Stored data:
────────────────
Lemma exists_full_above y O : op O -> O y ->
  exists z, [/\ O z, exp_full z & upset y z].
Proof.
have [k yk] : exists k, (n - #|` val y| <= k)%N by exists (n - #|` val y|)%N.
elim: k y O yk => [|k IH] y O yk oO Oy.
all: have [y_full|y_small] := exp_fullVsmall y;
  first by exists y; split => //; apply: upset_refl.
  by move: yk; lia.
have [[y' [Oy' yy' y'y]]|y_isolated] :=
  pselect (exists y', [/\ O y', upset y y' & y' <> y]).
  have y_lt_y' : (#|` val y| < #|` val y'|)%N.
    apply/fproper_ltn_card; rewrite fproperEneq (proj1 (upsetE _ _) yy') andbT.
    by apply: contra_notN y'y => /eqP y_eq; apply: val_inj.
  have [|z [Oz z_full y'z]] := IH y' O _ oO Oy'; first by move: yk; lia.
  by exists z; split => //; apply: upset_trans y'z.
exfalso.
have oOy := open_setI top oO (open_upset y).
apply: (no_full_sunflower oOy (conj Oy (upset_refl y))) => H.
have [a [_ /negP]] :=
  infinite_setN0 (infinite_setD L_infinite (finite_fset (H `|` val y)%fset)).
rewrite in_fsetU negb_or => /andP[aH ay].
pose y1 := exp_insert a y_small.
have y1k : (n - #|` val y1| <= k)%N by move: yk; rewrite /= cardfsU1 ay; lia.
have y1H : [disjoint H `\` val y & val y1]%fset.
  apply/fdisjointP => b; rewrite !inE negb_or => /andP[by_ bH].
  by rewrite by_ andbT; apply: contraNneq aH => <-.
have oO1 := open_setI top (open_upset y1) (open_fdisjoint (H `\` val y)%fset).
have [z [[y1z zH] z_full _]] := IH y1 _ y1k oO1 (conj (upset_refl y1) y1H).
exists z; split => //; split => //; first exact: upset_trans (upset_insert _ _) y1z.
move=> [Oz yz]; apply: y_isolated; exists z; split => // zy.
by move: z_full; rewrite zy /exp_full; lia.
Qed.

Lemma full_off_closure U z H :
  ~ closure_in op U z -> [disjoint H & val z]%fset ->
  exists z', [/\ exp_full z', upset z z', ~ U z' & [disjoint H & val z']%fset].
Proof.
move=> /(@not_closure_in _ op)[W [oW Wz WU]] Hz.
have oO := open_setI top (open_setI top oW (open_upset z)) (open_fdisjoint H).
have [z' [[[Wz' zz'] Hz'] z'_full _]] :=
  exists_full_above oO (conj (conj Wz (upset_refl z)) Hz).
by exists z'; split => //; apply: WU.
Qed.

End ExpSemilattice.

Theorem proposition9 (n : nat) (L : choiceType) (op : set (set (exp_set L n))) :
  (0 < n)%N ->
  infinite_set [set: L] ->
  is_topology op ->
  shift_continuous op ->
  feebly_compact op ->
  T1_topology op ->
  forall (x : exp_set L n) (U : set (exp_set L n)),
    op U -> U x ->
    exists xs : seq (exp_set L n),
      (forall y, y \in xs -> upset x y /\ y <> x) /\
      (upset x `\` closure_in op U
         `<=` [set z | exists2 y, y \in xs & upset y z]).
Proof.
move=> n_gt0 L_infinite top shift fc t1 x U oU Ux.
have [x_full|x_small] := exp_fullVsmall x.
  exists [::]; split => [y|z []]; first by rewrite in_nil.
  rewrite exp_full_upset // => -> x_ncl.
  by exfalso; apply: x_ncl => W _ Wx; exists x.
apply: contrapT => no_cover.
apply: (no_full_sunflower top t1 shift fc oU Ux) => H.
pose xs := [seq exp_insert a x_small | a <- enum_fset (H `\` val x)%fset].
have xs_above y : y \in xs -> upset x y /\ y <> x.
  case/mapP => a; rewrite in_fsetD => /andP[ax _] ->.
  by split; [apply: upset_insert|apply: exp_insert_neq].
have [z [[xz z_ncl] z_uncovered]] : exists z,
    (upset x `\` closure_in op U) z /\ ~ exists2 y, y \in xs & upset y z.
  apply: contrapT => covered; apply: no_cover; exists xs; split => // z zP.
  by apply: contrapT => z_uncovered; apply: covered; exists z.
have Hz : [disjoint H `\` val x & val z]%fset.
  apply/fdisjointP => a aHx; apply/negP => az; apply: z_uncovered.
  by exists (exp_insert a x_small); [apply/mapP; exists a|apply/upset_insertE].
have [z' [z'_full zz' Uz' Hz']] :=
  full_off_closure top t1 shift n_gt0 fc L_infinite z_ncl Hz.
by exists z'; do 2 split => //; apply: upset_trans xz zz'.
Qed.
────────────────
# Prompt
In the entries above, find the line holding "elim: k y O yk => [|k IH] y O yk oO Oy." and the line holding "by apply: contra_notN"; print both of them and every line between, exactly, and nothing else.

# Completed exercise
elim: k y O yk => [|k IH] y O yk oO Oy.
all: have [y_full|y_small] := exp_fullVsmall y;
  first by exists y; split => //; apply: upset_refl.
  by move: yk; lia.
have [[y' [Oy' yy' y'y]]|y_isolated] :=
  pselect (exists y', [/\ O y', upset y y' & y' <> y]).
  have y_lt_y' : (#|` val y| < #|` val y'|)%N.
    apply/fproper_ltn_card; rewrite fproperEneq (proj1 (upsetE _ _) yy') andbT.
    by apply: contra_notN y'y => /eqP y_eq; apply: val_inj.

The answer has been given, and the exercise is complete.